The Musina-Makhado SEZ has two sites, a Northern site close to Musina which is for light industry (the EIA is approved) and the southern site based between Musina and Makhado. The Southern site, the high-polluting “metallurgical-energy cluster” will centre on the coal plant, to provide power for mineral extraction, smelting and processing.

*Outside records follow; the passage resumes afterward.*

(* Let $d\ge 1$, let $\Omega=\operatorname{diag}(\omega_j)_{j=1}^d\in\mathbb{R}^{d\times d}$ with all $\omega_j\ge 0$, let $\omega=\min_{j:\,\omega_j>0}\omega_j$ be the smallest nonzero frequency, and let $A\in\mathbb{C}^{d\times d}$ be self-adjoint. Let $0<h\le 1$ and let $\psi_1,\phi\colon\mathbb{R}\to\mathbb{R}$ be even functions such that for constants $c_0,c_1\ge0$ \[ |\psi_1(\xi)|\le c_0,\qquad |\phi(\xi)|\le c_0,\qquad |\phi(\xi)-1|\le c_1|\xi|\qquad\text{for all }\xi\in\mathbb{R}. \] Set $\Psi_1=\psi_1(h\Omega)$, $\Phi=\phi(h\Omega)$, and define for $q,\dot q\in\mathbb{C}^d$ \[ \mathcal{H}(q,\dot{q}) = \tfrac12 \|\Omega q\|^2 + \tfrac12 \|\dot{q}\|^2 + \tfrac12 \operatorname{Re}\big((\cos(h\Omega) \Phi q)^* A \Phi q\big) - \tfrac18 h^2 \|\Psi_1 A \Phi q\|^2, \] \[ H(q,\dot q)=\tfrac12 \|\Omega q\|^2 + \tfrac12 \|\dot{q}\|^2 + \tfrac12 q^*Aq . \] Then for all $q,\dot q\in\mathbb{C}^d$, \begin{align*} \big|\mathcal{H}(q,\dot{q}) - \tfrac12 \|\Omega q\|^2 - \tfrac12 \|\dot{q}\|^2\big| &\le \big(\breve{C}+\widehat{C} h^2\big) \|q\|^2, \\ \big|\mathcal{H}(q,\dot{q}) - H(q,\dot{q})\big| &\le \widetilde{C} \min\big(h,\omega^{-1}\big) \|q\| \, \|\Omega q\| + \widehat{C} h^2 \|q\|^2 \end{align*} with $\breve{C} = \tfrac12 c_0^2 \|A\|$, $\widehat{C} = \tfrac18 c_0^4 \|A\|^2$ and $\widetilde{C} = \tfrac12 \big(2 c_0^2 + (c_0+1)\max(c_0+1,c_1)\big) \|A\|$.
   Context: $\|\cdot\|$ is the Euclidean norm on $\mathbb{C}^d$ and, for matrices, the induced operator norm; ${}^*$ denotes conjugate transpose. For a function $f\colon\mathbb{R}\to\mathbb{R}$, $f(h\Omega)$ denotes the diagonal matrix $\operatorname{diag}(f(h\omega_j))_{j=1}^d$. *)

From mathcomp Require Import all_boot all_order all_algebra.
From mathcomp Require Import complex.
From mathcomp Require Import classical_sets reals trigo.
Set Implicit Arguments. Unset Strict Implicit. Unset Printing Implicit Defensive.
Import Order.TTheory GRing.Theory Num.Theory.
Local Open Scope ring_scope.
Local Open Scope complex_scope.

Section Defs.
Variable R : realType.
Local Notation C := R[i].

Definition vnorm2 d (v : 'cV[C]_d) : R :=
  \sum_(i < d) ((complex.Re (v i 0)) ^+ 2 + (complex.Im (v i 0)) ^+ 2).

Definition vnorm d (v : 'cV[C]_d) : R := Num.sqrt (vnorm2 v).

Definition opnorm d (M : 'M[C]_d) : R :=
  sup [set vnorm (M *m x) | x in [set x : 'cV[C]_d | vnorm x <= 1]]%classic.

Definition adj m n (M : 'M[C]_(m, n)) : 'M[C]_(n, m) := map_mx Num.conj (M^T).

Definition selfadjoint d (M : 'M[C]_d) : Prop := adj M = M.

Definition diagC d (v : 'I_d -> R) : 'M[C]_d := diag_mx (\row_j (v j)%:C).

Although the justification for SEZs is the produce value chains to boost economic diversification, the MMSEZ Master Operational Plan states that 70% of the processed minerals are to be exported back to China. The mineral beneficiation aspect to the zone is thus questionable in terms of what the South African economy would gain when offset against mineral depletion.

Despite South Africa’s Just Transition commitments, at the  webinar hosted by Friedrich Ebert Stiftung on the 4th of October 2021, CEO Masoga stated that the MMSEZ coal plant would champion the use of ultra-super critical clean coal technology, the kind of technology that Medupi officials say they cannot use because it is too expensive. This flouts clauses that bind Medupi’s construction to this technology in World Bank loans. Considering Medupi’s construction foundered under-sized boilers which has taken over a decade to fix, the slick sound of ultra-super critical clean coal sounds like another South African coal catastrophe waiting to happen.


Even more worrying in the context of South Africa’s corruption riddled governmental landscape is that the MMSEZ will be the first SEZ in South Africa to be run by Chinese operator, even though Shenzhen Hoi Mor is now registered as the South African Energy Metallurgical Base. The Chair, Ning Yat Hoi, had company fraud charges laid against him in 2017 by London-based mining companies with operations based in Zimbabwe, the year that the then Minister of Trade and Industry, Dr Rob Davies, awarded the tender. On the 4th of October 2021, CEO Lehlogonolo Masoga stated that he was aware of the charges against Ning, but continued to say blithely that the allegations appear to be based “… on a business partnership dispute that won’t affect this project”.

When questioned on the bumped-up figure of employment promises of 800 000 jobs for locals made at the Limpopo public meetings, Mr Masoga stated he could not confirm that figure, because the following day he may be quoted in the newspaper. Another fine bit of fancy footwork dodging questions in the vein of the Enviroxcellence public participation presentations.

It is abundantly clear that Mr Masoga and the Limpopo Environmental Development Agency are happy to make big promises they know they can’t keep, the cost of which will be the destruction of the Vhembe biosphere on the buying consensus on the basis of scandalous figures of large-scale employment to local communities.